What is being asked
The response must contain every line from the records below that has "reflexivity".

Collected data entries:
--- --- ---

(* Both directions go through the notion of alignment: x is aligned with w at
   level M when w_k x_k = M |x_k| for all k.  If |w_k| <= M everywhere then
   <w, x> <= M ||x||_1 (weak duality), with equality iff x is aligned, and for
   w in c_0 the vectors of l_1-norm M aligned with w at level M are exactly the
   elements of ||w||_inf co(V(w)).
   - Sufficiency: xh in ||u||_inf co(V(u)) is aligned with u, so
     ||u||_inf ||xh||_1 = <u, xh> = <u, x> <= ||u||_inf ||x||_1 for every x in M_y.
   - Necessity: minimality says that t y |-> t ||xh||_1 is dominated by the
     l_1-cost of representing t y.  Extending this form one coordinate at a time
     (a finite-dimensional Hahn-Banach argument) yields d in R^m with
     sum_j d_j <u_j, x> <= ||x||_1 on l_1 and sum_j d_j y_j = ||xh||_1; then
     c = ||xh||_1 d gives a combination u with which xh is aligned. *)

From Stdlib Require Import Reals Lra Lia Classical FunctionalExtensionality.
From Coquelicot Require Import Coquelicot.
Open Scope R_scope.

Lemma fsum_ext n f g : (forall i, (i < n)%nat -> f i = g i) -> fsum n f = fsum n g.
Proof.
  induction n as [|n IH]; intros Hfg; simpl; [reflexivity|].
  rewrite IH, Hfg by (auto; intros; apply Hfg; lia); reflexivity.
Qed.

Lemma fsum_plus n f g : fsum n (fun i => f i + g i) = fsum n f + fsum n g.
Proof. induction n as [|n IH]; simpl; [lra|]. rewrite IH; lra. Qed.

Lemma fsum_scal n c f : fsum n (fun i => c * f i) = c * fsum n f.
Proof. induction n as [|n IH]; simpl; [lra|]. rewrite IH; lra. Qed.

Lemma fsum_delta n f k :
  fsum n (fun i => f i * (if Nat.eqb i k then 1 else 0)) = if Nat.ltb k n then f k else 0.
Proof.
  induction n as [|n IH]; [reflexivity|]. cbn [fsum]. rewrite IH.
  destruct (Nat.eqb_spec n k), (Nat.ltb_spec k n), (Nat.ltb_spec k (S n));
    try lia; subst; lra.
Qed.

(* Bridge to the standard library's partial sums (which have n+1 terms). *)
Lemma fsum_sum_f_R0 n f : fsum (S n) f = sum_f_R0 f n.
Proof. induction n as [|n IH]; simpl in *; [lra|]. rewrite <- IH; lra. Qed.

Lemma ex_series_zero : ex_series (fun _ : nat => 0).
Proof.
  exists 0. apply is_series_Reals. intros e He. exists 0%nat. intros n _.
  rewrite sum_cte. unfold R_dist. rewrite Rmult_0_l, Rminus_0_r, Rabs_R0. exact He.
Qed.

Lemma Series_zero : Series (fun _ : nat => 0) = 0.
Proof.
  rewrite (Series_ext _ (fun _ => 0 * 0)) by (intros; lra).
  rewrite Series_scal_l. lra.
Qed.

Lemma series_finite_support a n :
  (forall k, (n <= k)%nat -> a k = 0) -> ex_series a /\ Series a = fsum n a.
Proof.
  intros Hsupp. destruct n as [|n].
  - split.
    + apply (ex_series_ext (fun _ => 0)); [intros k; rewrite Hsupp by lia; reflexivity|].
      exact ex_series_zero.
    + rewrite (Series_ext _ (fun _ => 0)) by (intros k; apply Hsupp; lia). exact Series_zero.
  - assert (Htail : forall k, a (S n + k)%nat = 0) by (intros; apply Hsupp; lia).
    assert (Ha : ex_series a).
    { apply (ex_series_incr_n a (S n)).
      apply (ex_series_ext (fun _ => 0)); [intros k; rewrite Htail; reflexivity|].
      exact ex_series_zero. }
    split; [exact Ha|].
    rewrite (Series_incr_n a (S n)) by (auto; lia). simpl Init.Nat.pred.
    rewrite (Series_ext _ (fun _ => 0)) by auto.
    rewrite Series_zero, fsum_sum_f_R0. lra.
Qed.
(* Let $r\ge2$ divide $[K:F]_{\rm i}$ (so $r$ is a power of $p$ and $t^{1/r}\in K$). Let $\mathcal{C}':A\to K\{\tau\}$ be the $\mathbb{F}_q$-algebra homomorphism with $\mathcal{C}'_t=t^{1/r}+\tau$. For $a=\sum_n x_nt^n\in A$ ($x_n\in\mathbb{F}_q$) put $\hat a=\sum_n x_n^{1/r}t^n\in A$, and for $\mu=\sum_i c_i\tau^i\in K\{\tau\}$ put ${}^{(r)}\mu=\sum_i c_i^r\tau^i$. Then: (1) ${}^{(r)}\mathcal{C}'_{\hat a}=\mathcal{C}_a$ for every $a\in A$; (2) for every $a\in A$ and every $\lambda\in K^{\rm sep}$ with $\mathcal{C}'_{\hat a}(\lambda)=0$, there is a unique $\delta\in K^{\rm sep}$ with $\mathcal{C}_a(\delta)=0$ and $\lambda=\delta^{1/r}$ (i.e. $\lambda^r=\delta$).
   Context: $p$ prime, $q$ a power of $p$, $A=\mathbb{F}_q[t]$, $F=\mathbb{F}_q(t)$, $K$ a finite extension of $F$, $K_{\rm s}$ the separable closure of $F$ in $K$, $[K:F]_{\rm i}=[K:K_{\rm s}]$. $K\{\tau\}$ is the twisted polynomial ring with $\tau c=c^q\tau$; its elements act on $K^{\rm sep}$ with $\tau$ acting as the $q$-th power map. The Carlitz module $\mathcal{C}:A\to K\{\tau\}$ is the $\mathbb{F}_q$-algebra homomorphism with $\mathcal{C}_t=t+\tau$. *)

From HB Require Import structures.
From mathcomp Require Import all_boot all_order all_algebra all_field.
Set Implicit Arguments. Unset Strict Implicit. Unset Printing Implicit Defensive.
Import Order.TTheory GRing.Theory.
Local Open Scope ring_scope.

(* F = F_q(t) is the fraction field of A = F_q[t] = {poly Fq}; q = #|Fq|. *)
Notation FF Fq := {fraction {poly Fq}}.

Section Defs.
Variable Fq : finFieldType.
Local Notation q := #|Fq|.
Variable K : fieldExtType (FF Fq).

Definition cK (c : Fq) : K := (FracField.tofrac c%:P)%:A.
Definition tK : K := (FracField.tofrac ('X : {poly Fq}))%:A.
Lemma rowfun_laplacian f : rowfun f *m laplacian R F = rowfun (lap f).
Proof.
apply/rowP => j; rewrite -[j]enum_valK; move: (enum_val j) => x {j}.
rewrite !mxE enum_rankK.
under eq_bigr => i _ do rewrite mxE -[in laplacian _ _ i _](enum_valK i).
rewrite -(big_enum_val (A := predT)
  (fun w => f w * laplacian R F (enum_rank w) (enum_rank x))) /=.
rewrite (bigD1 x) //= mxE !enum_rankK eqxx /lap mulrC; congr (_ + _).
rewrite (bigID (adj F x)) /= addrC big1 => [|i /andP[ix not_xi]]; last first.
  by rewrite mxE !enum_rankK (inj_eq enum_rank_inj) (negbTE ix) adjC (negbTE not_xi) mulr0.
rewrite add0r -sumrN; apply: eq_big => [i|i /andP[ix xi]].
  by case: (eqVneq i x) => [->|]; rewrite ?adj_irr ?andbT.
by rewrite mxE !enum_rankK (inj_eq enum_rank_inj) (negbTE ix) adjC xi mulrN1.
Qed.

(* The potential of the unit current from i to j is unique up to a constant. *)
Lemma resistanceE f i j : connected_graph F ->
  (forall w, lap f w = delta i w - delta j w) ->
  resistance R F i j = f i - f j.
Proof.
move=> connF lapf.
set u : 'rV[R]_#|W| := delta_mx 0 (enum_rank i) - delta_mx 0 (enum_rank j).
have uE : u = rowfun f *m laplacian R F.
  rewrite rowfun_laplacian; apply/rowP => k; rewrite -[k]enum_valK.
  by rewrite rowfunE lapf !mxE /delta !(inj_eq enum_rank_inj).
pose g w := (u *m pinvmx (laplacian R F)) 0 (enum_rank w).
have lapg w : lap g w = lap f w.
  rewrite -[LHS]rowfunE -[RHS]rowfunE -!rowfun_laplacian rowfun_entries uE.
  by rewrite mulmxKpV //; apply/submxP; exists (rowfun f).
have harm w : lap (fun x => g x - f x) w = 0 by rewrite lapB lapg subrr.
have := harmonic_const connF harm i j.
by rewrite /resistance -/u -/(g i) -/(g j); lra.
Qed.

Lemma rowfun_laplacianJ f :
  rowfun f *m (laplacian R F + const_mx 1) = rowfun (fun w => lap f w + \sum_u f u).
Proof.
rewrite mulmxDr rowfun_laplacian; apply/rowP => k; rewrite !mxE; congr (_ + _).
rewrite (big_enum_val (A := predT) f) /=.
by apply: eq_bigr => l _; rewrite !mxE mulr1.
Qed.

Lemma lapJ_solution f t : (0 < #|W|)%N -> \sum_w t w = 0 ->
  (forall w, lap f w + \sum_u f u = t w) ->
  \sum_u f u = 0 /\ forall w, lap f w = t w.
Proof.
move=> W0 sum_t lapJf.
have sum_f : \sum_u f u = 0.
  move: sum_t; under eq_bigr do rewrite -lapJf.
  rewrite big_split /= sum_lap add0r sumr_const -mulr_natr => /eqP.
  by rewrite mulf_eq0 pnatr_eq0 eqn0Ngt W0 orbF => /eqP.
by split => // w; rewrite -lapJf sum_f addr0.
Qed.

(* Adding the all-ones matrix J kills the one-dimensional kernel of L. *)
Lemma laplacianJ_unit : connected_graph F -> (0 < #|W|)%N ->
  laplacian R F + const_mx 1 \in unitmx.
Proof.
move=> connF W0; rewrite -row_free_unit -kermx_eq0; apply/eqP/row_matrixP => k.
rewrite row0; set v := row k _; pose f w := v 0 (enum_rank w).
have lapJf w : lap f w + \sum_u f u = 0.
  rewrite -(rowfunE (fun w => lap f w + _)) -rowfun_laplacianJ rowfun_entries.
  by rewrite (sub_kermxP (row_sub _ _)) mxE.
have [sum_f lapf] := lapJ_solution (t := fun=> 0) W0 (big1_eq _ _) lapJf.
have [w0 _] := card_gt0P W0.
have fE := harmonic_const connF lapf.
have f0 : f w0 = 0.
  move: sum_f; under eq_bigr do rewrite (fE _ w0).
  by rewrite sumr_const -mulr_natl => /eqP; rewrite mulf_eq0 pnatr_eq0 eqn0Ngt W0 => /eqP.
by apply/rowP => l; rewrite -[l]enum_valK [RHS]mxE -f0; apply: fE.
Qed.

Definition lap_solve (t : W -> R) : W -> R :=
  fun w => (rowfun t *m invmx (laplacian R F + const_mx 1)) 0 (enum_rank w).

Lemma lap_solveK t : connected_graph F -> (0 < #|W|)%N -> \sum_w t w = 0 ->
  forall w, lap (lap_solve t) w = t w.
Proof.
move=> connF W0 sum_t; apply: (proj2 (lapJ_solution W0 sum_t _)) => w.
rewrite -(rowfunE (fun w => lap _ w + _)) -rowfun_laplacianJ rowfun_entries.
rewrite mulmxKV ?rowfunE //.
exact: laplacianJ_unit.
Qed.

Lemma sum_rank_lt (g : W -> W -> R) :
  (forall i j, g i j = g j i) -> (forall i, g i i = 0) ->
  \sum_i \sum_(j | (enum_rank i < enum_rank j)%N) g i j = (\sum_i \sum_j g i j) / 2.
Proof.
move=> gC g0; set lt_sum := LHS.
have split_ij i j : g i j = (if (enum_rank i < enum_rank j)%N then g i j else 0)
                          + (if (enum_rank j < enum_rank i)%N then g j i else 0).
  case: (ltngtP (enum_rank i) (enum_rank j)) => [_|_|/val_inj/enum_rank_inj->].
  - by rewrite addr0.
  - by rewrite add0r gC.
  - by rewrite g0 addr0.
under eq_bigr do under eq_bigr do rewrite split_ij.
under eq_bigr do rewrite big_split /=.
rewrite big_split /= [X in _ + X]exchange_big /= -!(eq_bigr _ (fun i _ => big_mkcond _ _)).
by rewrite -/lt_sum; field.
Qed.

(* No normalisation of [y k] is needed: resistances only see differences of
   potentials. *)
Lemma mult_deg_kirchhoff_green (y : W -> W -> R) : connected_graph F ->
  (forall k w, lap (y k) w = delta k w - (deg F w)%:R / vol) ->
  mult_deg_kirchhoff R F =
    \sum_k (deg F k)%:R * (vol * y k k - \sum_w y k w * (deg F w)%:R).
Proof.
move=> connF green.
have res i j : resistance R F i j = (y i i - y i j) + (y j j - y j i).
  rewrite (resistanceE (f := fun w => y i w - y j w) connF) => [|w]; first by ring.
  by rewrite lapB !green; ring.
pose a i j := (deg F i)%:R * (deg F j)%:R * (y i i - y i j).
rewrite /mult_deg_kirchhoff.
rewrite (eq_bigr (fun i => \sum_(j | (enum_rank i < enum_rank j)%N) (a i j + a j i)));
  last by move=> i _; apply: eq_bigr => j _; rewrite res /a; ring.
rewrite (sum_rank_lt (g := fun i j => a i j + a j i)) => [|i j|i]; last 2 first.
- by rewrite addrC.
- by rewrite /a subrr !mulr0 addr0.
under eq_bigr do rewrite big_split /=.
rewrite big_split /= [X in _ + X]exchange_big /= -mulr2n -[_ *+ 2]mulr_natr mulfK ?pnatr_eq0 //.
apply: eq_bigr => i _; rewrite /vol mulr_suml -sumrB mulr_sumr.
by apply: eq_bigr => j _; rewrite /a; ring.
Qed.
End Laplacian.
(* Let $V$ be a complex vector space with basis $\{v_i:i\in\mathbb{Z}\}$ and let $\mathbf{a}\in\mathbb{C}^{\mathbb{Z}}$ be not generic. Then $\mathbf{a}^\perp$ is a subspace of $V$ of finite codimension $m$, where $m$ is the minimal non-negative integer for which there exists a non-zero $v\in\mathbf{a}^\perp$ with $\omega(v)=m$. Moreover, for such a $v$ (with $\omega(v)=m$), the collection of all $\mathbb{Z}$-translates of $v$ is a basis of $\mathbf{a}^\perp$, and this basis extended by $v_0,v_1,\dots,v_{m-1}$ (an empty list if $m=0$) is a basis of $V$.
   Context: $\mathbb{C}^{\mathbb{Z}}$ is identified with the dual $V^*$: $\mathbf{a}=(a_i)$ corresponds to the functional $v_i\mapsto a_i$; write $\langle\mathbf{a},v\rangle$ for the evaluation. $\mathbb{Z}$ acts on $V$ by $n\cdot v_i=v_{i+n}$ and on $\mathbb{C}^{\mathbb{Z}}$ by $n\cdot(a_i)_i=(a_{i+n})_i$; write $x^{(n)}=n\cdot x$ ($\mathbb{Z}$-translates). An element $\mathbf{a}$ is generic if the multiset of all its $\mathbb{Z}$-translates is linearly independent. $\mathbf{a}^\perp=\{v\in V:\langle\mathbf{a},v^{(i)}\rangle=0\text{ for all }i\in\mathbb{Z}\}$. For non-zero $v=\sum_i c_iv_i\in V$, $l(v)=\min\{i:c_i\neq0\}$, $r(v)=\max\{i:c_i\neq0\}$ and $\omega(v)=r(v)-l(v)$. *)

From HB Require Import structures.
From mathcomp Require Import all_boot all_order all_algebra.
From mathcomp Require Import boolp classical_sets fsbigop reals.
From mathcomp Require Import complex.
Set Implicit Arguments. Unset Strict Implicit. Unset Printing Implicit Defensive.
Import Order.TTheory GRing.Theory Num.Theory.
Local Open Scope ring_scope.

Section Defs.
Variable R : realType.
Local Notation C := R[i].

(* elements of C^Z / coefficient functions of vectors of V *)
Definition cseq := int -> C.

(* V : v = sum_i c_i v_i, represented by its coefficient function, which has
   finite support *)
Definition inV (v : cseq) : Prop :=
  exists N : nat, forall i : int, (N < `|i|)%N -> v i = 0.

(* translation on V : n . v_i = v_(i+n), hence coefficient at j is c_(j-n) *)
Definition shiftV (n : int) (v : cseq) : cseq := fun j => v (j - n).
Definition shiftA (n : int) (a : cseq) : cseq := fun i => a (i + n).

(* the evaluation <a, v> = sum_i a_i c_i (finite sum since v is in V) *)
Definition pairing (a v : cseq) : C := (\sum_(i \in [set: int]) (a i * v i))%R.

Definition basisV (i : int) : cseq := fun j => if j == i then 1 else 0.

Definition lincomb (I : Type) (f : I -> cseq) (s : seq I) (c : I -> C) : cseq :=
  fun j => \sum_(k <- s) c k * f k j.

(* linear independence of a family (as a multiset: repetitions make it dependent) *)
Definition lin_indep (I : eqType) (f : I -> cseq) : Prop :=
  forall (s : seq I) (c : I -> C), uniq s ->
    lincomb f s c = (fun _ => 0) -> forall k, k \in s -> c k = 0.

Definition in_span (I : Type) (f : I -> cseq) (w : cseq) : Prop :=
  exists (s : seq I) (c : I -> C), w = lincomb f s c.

--- --- ---

Result
  induction n as [|n IH]; intros Hfg; simpl; [reflexivity|].
  rewrite IH, Hfg by (auto; intros; apply Hfg; lia); reflexivity.
  induction n as [|n IH]; [reflexivity|]. cbn [fsum]. rewrite IH.
    + apply (ex_series_ext (fun _ => 0)); [intros k; rewrite Hsupp by lia; reflexivity|].
      apply (ex_series_ext (fun _ => 0)); [intros k; rewrite Htail; reflexivity|].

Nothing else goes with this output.